[Problem details] Print the records again, matching each line exactly.

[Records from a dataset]

Lemma coalesced_empty n : coalesced n 0 empty_forest.
Proof.
  split.
  - intros v; exists 0; split; [lia|reflexivity].
  - unfold ordered_roots.
    replace (map (root_fuel empty_forest n) (seq 1 n)) with (seq 1 n)
      by (rewrite <- map_id at 1; apply map_ext; intros v; now destruct n).
    rewrite Nat.sub_0_r; rewrite <- (length_seq n 1) at 2.
    apply NoDup_length_eq; [apply NoDup_undup_first|apply seq_NoDup|apply In_undup_first].
Qed.

Lemma paths_SS j :
  paths (S (S j)) = flat_map (fun c => map (cons c) (paths (S j))) (choices (S (S j))).
Proof. reflexivity. Qed.

Lemma In_paths_cons j q : 2 <= j -> In q (paths j) ->
  exists c q', q = c :: q' /\ In c (choices j) /\ In q' (paths (j - 1)).
Proof.
  intros Hj H; destruct j as [|[|j]]; try lia.
  rewrite paths_SS, in_flat_map in H; destruct H as [c [Hc H]].
  apply in_map_iff in H; destruct H as [q' [<- H]].
  exists c, q'; replace (S (S j) - 1) with (S j) by lia; auto.
Qed.

Lemma length_In_paths j q : In q (paths j) -> length q = j - 1.
Proof.
  revert q; induction j as [|j IH]; intros q H.
  - destruct H as [<-|[]]; reflexivity.
  - destruct j as [|j]; [destruct H as [<-|[]]; reflexivity|].
    destruct (In_paths_cons (S (S j)) q ltac:(lia) H) as [c [q' [-> [_ H']]]].
    simpl; rewrite (IH q'); [lia|]; now replace (S (S j) - 1) with (S j) in H' by lia.
Qed.

Lemma list_sum_map_const {A} (l : list A) k : list_sum (map (fun _ => k) l) = length l * k.
Proof. induction l as [|x l IH]; simpl; lia. Qed.

Lemma length_choices j : length (choices j) = j * (j - 1).
Proof.
  unfold choices; rewrite length_flat_map.
  induction j as [|j IH]; [reflexivity|].
  rewrite seq_S, map_app, list_sum_app, IH; simpl.
  rewrite length_flat_map, (map_ext _ (fun _ => 2)) by reflexivity.
  rewrite list_sum_map_const, length_seq; nia.
Qed.

Lemma length_paths_SS j :
  length (paths (S (S j))) = S (S j) * S j * length (paths (S j)).
Proof.
  rewrite paths_SS, length_flat_map, (map_ext _ (fun _ => length (paths (S j))))
    by (intros; apply length_map).
  rewrite list_sum_map_const, length_choices; now replace (S (S j) - 1) with (S j) by lia.
Qed.

Lemma length_paths_pos j : 0 < length (paths j).
Proof.
  induction j as [|j IH]; [simpl; lia|]; destruct j as [|j]; [simpl; lia|].
  rewrite length_paths_SS; nia.
Qed.

Definition run (n : nat) (F : forest) (q : list choice) (t : nat) : forest :=
  fold_left (step n) (firstn t q) F.

Definition hits (n i : nat) (F : forest) (q : list choice) (t : nat) : bool :=
  match nth_error q t with
  | Some c => Nat.eqb (child_root n (run n F q t) c) (root_fuel (run n F q t) n i)
  | None => false
  end.

Lemma coalesced_run n t j F q :
  coalesced n (n - j) F -> j <= n -> In q (paths j) -> t < j ->
  coalesced n (n - j + t) (run n F q t) /\
  (t + 1 < j -> exists c, nth_error q t = Some c /\ In c (choices (j - t))).
Proof.
  revert j F q; induction t as [|t IH]; intros j F q Hco Hj Hq Ht.
  - rewrite Nat.add_0_r; split; [exact Hco|]; intros Hj2.
    destruct (In_paths_cons j q ltac:(lia) Hq) as [c [q' [-> [Hc _]]]].
    exists c; rewrite Nat.sub_0_r; auto.
  - destruct (In_paths_cons j q ltac:(lia) Hq) as [c [q' [-> [Hc Hq']]]].
    assert (Hco' : coalesced n (n - (j - 1)) (step n F c)).
    { replace (n - (j - 1)) with (S (n - j)) by lia.
      apply (coalesced_step n (n - j) F c Hco); [lia|]; now replace (n - (n - j)) with j by lia. }
    destruct (IH (j - 1) (step n F c) q' Hco' ltac:(lia) Hq' ltac:(lia)) as [A B]; split.
    + now replace (n - j + S t) with (n - (j - 1) + t) by lia.
    + intros Hj2; destruct (B ltac:(lia)) as [c' [E1 E2]]; exists c'; split; auto.
      now replace (j - S t) with (j - 1 - t) by lia.
Qed.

[Output of the task]
Lemma coalesced_empty n : coalesced n 0 empty_forest.
Proof.
  split.
  - intros v; exists 0; split; [lia|reflexivity].
  - unfold ordered_roots.
    replace (map (root_fuel empty_forest n) (seq 1 n)) with (seq 1 n)
      by (rewrite <- map_id at 1; apply map_ext; intros v; now destruct n).
    rewrite Nat.sub_0_r; rewrite <- (length_seq n 1) at 2.
    apply NoDup_length_eq; [apply NoDup_undup_first|apply seq_NoDup|apply In_undup_first].
Qed.

Lemma paths_SS j :
  paths (S (S j)) = flat_map (fun c => map (cons c) (paths (S j))) (choices (S (S j))).
Proof. reflexivity. Qed.

Lemma In_paths_cons j q : 2 <= j -> In q (paths j) ->
  exists c q', q = c :: q' /\ In c (choices j) /\ In q' (paths (j - 1)).
Proof.
  intros Hj H; destruct j as [|[|j]]; try lia.
  rewrite paths_SS, in_flat_map in H; destruct H as [c [Hc H]].
  apply in_map_iff in H; destruct H as [q' [<- H]].
  exists c, q'; replace (S (S j) - 1) with (S j) by lia; auto.
Qed.

Lemma length_In_paths j q : In q (paths j) -> length q = j - 1.
Proof.
  revert q; induction j as [|j IH]; intros q H.
  - destruct H as [<-|[]]; reflexivity.
  - destruct j as [|j]; [destruct H as [<-|[]]; reflexivity|].
    destruct (In_paths_cons (S (S j)) q ltac:(lia) H) as [c [q' [-> [_ H']]]].
    simpl; rewrite (IH q'); [lia|]; now replace (S (S j) - 1) with (S j) in H' by lia.
Qed.

Lemma list_sum_map_const {A} (l : list A) k : list_sum (map (fun _ => k) l) = length l * k.
Proof. induction l as [|x l IH]; simpl; lia. Qed.

Lemma length_choices j : length (choices j) = j * (j - 1).
Proof.
  unfold choices; rewrite length_flat_map.
  induction j as [|j IH]; [reflexivity|].
  rewrite seq_S, map_app, list_sum_app, IH; simpl.
  rewrite length_flat_map, (map_ext _ (fun _ => 2)) by reflexivity.
  rewrite list_sum_map_const, length_seq; nia.
Qed.

Lemma length_paths_SS j :
  length (paths (S (S j))) = S (S j) * S j * length (paths (S j)).
Proof.
  rewrite paths_SS, length_flat_map, (map_ext _ (fun _ => length (paths (S j))))
    by (intros; apply length_map).
  rewrite list_sum_map_const, length_choices; now replace (S (S j) - 1) with (S j) by lia.
Qed.

Lemma length_paths_pos j : 0 < length (paths j).
Proof.
  induction j as [|j IH]; [simpl; lia|]; destruct j as [|j]; [simpl; lia|].
  rewrite length_paths_SS; nia.
Qed.

Definition run (n : nat) (F : forest) (q : list choice) (t : nat) : forest :=
  fold_left (step n) (firstn t q) F.

Definition hits (n i : nat) (F : forest) (q : list choice) (t : nat) : bool :=
  match nth_error q t with
  | Some c => Nat.eqb (child_root n (run n F q t) c) (root_fuel (run n F q t) n i)
  | None => false
  end.

Lemma coalesced_run n t j F q :
  coalesced n (n - j) F -> j <= n -> In q (paths j) -> t < j ->
  coalesced n (n - j + t) (run n F q t) /\
  (t + 1 < j -> exists c, nth_error q t = Some c /\ In c (choices (j - t))).
Proof.
  revert j F q; induction t as [|t IH]; intros j F q Hco Hj Hq Ht.
  - rewrite Nat.add_0_r; split; [exact Hco|]; intros Hj2.
    destruct (In_paths_cons j q ltac:(lia) Hq) as [c [q' [-> [Hc _]]]].
    exists c; rewrite Nat.sub_0_r; auto.
  - destruct (In_paths_cons j q ltac:(lia) Hq) as [c [q' [-> [Hc Hq']]]].
    assert (Hco' : coalesced n (n - (j - 1)) (step n F c)).
    { replace (n - (j - 1)) with (S (n - j)) by lia.
      apply (coalesced_step n (n - j) F c Hco); [lia|]; now replace (n - (n - j)) with j by lia. }
    destruct (IH (j - 1) (step n F c) q' Hco' ltac:(lia) Hq' ltac:(lia)) as [A B]; split.
    + now replace (n - j + S t) with (n - (j - 1) + t) by lia.
    + intros Hj2; destruct (B ltac:(lia)) as [c' [E1 E2]]; exists c'; split; auto.
      now replace (j - S t) with (j - 1 - t) by lia.
Qed.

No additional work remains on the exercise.